A group of kindergarten students stood at the front of their class at Cooke STEM Academy Tuesday morning, using their fingers on an electronic whiteboard to drag together the words “block” and “clock.” Their teacher joined them at the screen, and the four yelled “Cookie Crunch!” before switching to another word game featuring Cookie Monster.
This classroom scene could come to every school in the Detroit district over the next five years — if Superintendent Nikolai Vitti can find the money to support it.
Vitti’s goal is to give every core teacher an electronic whiteboard and get a personal laptop in the hands of every student in his district by 2023 — a move that he says is sure to improve learning.
“This isn’t about replacing teachers, this is about supplementing the core curriculum,” Vitti said. “It is my opinion that all technology can do is enhance learning.”
For now, three schools — Cooke STEM Academy, Bagley Elementary School of Journalism and Technology, and Nolan Elementary-Middle School — have gotten the new technology in recent months thanks to roughly $500,000 in state and federal grants.
In the schools currently using the technology, teachers present a lesson, then students break into small groups to work independently with online tools, Vitti said. Those tools include programs such as Kahoot! and i-Ready, which provide interactive online lessons and quizzes. In some cases, students in the same class will work on different levels, while the teacher interacts with groups one at a time.
“It’s letting them work at their own pace,” said Dionne Garrett, a kindergarten teacher at Cooke STEM Academy.
The approach, which some call “personalized learning,” has fans in powerful philanthropist U.S. Education Secretary Betsy DeVos, even though there is little evidence to suggest that it boosts student learning. Research about giving students personal laptops is similarly mixed: One meta-analysis of 10 studies released last spring by researchers at Michigan State University and the University of California, Irvine pointed to a “significant” increase in English and math scores when school districts gave every student a laptop, though there were not significant improvements in reading.
Garrett said she is seeing promising signs in her classroom. In addition to making her workload lighter because computer programs prepare lessons and reports about student performance, she said, some students are tackling more complex work.

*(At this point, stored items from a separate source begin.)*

Lemma le_sqrt_mul u a b : 0 <= a -> 0 <= b -> u <= a -> u <= b -> u <= sqrt a * sqrt b.
Proof.
  intros Ha Hb Hua Hub.
  pose proof (sqrt_sqrt a Ha). pose proof (sqrt_sqrt b Hb).
  pose proof (sqrt_pos a). pose proof (sqrt_pos b).
  destruct (Rle_dec a b).
  - assert (sqrt a <= sqrt b) by (apply sqrt_le_1_alt; lra). nra.
  - assert (sqrt b <= sqrt a) by (apply sqrt_le_1_alt; lra). nra.
Qed.

Definition row_estimate hs p (D : list (list R)) q (l : nat) (s : list nat) : R :=
  INR (counter hs p D s l (row_hash hs p s l q)) / INR (length D).

Definition group_estimate hs p D q (m : nat) (s : list nat) : R :=
  / INR m * Rsum (map (fun l => row_estimate hs p D q l s) (seq 0 m)).

Definition row0_collides hs p q (x : list R) (s : list nat) : R :=
  if list_eq_dec Nat.eq_dec (row_hash hs p s 0 x) (row_hash hs p s 0 q) then 1 else 0.

Section RowEstimates.

Variable hs : nat -> list R -> nat.
Variable p : nat.
Variable D : list (list R).
Variable q : list R.

Lemma row_hash_skipn s a l x :
  row_hash hs p s (a + l) x = row_hash hs p (skipn (a * p) s) l x.
Proof.
  unfold row_hash. apply map_ext; intro j. rewrite nth_skipn.
  do 2 f_equal. nia.
Qed.

Lemma row_hash_firstn s k l x : (l * p + p <= k)%nat ->
  row_hash hs p s l x = row_hash hs p (firstn k s) l x.
Proof.
  intro Hk. unfold row_hash. apply map_ext_in; intros j Hj. apply in_seq in Hj.
  rewrite nth_firstn. destruct (Nat.ltb_spec (l * p + j) k); [reflexivity | lia].
Qed.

“It has made kids enjoy using technology more and … they’re able to cover more skills than we generally wouldn’t cover just yet,” Garrett said. “Some kids are doing measurement and geometry. … I think it’s putting them ahead.”
The district will need thousands of new computers to fulfill Vitti’s goal. The ratio of students to technology district wide before the new initiative was about six students to one computer, according to data released at the end of January.
But increasing access to computers is a pressing need if students are to be comfortable taking tests online. Michigan’s new M-STEP exam is designed to be taken online.
The district is also looking for ways to give students access to the online learning tools at home. Currently, the laptops can only be used in the classroom, but that could change in the future, Vitti said. He also said the district does not track whether families have internet access but would never make online lessons be mandatory to complete at home.